How can I resolve this without using backtrack=true?
문제
I'm trying to make a grammar that doesn't have operator precedence, but requires that either you use one operator or enclose them in parenthesis. (Using test
instead of id|int_literal etc
and +
instead of a list of valid operators here for simplicity). So for example:
test + test ///valid!
(test + test) + test ///valid!
(test + test) + (test + test) /// valid!
test + test + test /// invalid!
Is there any way to write a grammar for this that doesn't require backtrack=true?
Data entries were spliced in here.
Lemma stereoE p : 0 < sqnorm p -> stereo p = stereo_Phi (Phi2 p).
Proof.
move=> r0; rewrite /stereo /stereo_Phi /Phi2 /= norm2_sqr /=.
have r1 : 1 + sqnorm p != 0 by rewrite gt_eqF // ltr_pwDl // ltW.
have r2 : sqnorm p ^+ 2 + sqnorm p != 0 by rewrite gt_eqF // addr_gt0 // exprn_gt0.
by congr (_, _); first congr (_, _); field; apply/and3P; split; rewrite // gt_eqF.
Qed.

Lemma sqnorm_Phi2 p : sqnorm (Phi2 p) = (sqnorm p)^-1.
Proof.
rewrite /Phi2 /= norm2_sqr !exprMn -mulrDl exprVn.
have [->|r0] := eqVneq (sqnorm p) 0; first by rewrite mul0r invr0.
by rewrite expr2 invfM mulrA (divff r0) mul1r.
Qed.

Lemma dist_stereo_Phi_sqr q q' :
  dist3 (stereo_Phi q) (stereo_Phi q') ^+ 2 * ((1 + sqnorm q) * (1 + sqnorm q')) =
  dist2 q q' ^+ 2.
Proof.
have r0 : 1 + sqnorm q != 0 by rewrite gt_eqF // ltr_pwDl // sqnorm_ge0.
have r0' : 1 + sqnorm q' != 0 by rewrite gt_eqF // ltr_pwDl // sqnorm_ge0.
rewrite /dist3 /dist2 /norm2 !sqr_sqrtr ?addr_ge0 ?sqr_ge0 //=.
by rewrite /stereo_Phi /=; field; rewrite r0 r0'.
Qed.

Lemma dist_stereo_Phi_le q q' : dist3 (stereo_Phi q) (stereo_Phi q') <= dist2 q q'.
Proof.
have := dist_stereo_Phi_sqr q q'.
have [r r'] := (sqnorm_ge0 q, sqnorm_ge0 q').
rewrite -(ler_pXn2r (n := 2)) ?nnegrE ?sqrtr_ge0 // => <-.
by have := sqr_ge0 (dist3 (stereo_Phi q) (stereo_Phi q')); nra.
Qed.

Lemma dist_stereo_Phi_ge (rho : R) q q' : sqnorm q <= rho -> sqnorm q' <= rho ->
  (1 + rho)^-1 * dist2 q q' <= dist3 (stereo_Phi q) (stereo_Phi q').
Proof.
move=> q_rho q'_rho; have [r r'] := (sqnorm_ge0 q, sqnorm_ge0 q').
have rho1 : 0 < 1 + rho by lra.
have [d2 d3] := (sqrtr_ge0 _ : 0 <= dist2 q q',
  sqrtr_ge0 _ : 0 <= dist3 (stereo_Phi q) (stereo_Phi q')).
rewrite mulrC ler_pdivrMr // -(ler_pXn2r (n := 2)) ?nnegrE //; last first.
  by rewrite mulr_ge0 // ltW.
rewrite -dist_stereo_Phi_sqr [X in _ <= X]exprMn ler_wpM2l ?sqr_ge0 //.
by rewrite expr2 ler_pM //; lra.
Qed.

Lemma dist_stereo_Phi_origin q : dist3 (stereo_Phi q) ((0, 0), 0) <= 1.
Proof.
have r1 : 0 < 1 + sqnorm q by rewrite ltr_pwDl // sqnorm_ge0.
rewrite /dist3 /stereo_Phi /= !subr0 -[X in _ <= X]sqrtr1 ler_wsqrtr //.
rewrite !expr_div_n -!mulrDl expr1n addrC expr2 invfM mulrA divff ?gt_eqF // mul1r.
by rewrite invf_le1 // lerDl sqnorm_ge0.
Qed.

Lemma sqnorm_bounded_away (A : set (R * R)) : ~ closure A (0, 0) ->
  exists2 d : R, 0 < d & forall p, A p -> d <= sqnorm p.
Proof.
move=> /existsNP[B /not_implyP[/nbhs_ballP[r /= r0 rB] nAB]].
exists (r ^+ 2); first exact: exprn_gt0.
move=> p Ap; rewrite leNgt; apply/negP => pr; apply: nAB; exists p; split => //.
apply: rB; have sqr_lt (x : R) : x ^+ 2 < r ^+ 2 -> `|x| < r.
  by move=> xr; apply/ltr_normlP; split; nra.
by split; rewrite /ball /= sub0r normrN; apply: sqr_lt;
  have := sqr_ge0 p.1; have := sqr_ge0 p.2; lra.
Qed.

End stereographic.

Lemma box_dims_stereo_Phi (R : realType) (X : set (R * R)) (rho : R) : 0 <= rho ->
  (forall x, X x -> x.1 ^+ 2 + x.2 ^+ 2 <= rho) ->
  upper_box_dim2 X = upper_box_dim3 (stereo_Phi @` X) /\
  lower_box_dim2 X = lower_box_dim3 (stereo_Phi @` X) /\
  (nondeg2 X -> nondeg3 (stereo_Phi @` X)).
Proof.
move=> rho0 X_rho; pose M := 1 + rho; pose c := M^-1.
have M_gt0 : 0 < M by rewrite /M; lra.
have c_gt0 : 0 < c by rewrite invr_gt0.
have X_bounded x : X x -> dist2 (id x) (0, 0) <= M.
  move=> Xx; have := X_rho x Xx; rewrite /dist2 /= !subr0 -norm2_sqr.
  by have := sqrtr_ge0 (x.1 ^+ 2 + x.2 ^+ 2); rewrite /M /norm2; nra.
have stereoX_bounded x : X x -> dist3 (stereo_Phi x) ((0, 0), 0) <= M.
  by move=> _; apply: le_trans (dist_stereo_Phi_origin x) _; rewrite lerDl.
have stereo_co_Lipschitz x y : X x -> X y ->
    c * dist2 (id x) (id y) <= dist3 (stereo_Phi x) (stereo_Phi y).
  by move=> Xx Xy; apply: dist_stereo_Phi_ge; exact: X_rho.
have id_co_Lipschitz x y : X x -> X y ->
    c * dist3 (stereo_Phi x) (stereo_Phi y) <= dist2 (id x) (id y).
  move=> _ _; apply: le_trans (dist_stereo_Phi_le x y).
  by rewrite ler_piMl ?sqrtr_ge0 // invf_le1 // lerDl.
have [reg2 reg3] := (@ahlfors_regular2 R, @ahlfors_regular3 R).
rewrite -[X in upper_box_dim2 X]image_id -[X in lower_box_dim2 X]image_id
  -[X in nondeg2 X]image_id.
split; [|split].
- exact (upper_box_dim_bi_Lipschitz reg2 reg3 c_gt0 (ltW M_gt0) X_bounded
    stereoX_bounded stereo_co_Lipschitz id_co_Lipschitz).
- exact (lower_box_dim_bi_Lipschitz reg2 reg3 c_gt0 (ltW M_gt0) X_bounded
    stereoX_bounded stereo_co_Lipschitz id_co_Lipschitz).
- exact (mink_nondegenerate_bi_Lipschitz reg2 reg3 c_gt0 (ltW M_gt0) X_bounded
    stereoX_bounded stereo_co_Lipschitz id_co_Lipschitz).
Qed.

Theorem proposition2p21 (R : realType) (A : set (R * R)) :
  ~ bounded2 A -> ~ closure A (0, 0) ->
  upper_box_dim_unb A = upper_box_dim3 (stereo @` A) /\
  lower_box_dim_unb A = lower_box_dim3 (stereo @` A) /\
  (nondeg_unb A -> nondeg3 (stereo @` A)).
Proof.
move=> _ /sqnorm_bounded_away[d d0 Ad].
have PhiA_bounded x : (Phi2 @` A) x -> x.1 ^+ 2 + x.2 ^+ 2 <= d^-1.
  move=> [p Ap <-]; have dp := Ad p Ap.
  by rewrite sqnorm_Phi2 lef_pV2 ?posrE //; apply: lt_le_trans dp.
have -> : stereo @` A = stereo_Phi @` (Phi2 @` A).
  rewrite image_comp; apply: eq_imagel => p Ap; apply: stereoE.
  exact: lt_le_trans (Ad p Ap).
apply: box_dims_stereo_Phi PhiA_bounded.
by rewrite invr_ge0 ltW.
Qed.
I don't think left-factoring really makes sense here and I'm not sure how a syntactic predicate would help.
Here's what I have (requires backtrack=true
):
fragment
bexpr : 'test' | '(' cbebr ')';
fragment
cbexpr : bexpr '+' bexpr;
expr : bexpr | cbexpr;
해결책
You might want to look at How to remove global backtracking from your grammar.
The ambiguity lies in the fact that both alternatives of expr
can start with a bexpr
. You need to get rid of this ambiguity. The key lies in the observation that a +
only occurs without parentheses if it is the entire expression. So we end up with:
expr : operand ('+' operand)?;
operand : '(' expr ')' | 'test';
In other words: if an operator expression occurs as an operand, then it must be enclosed in parentheses.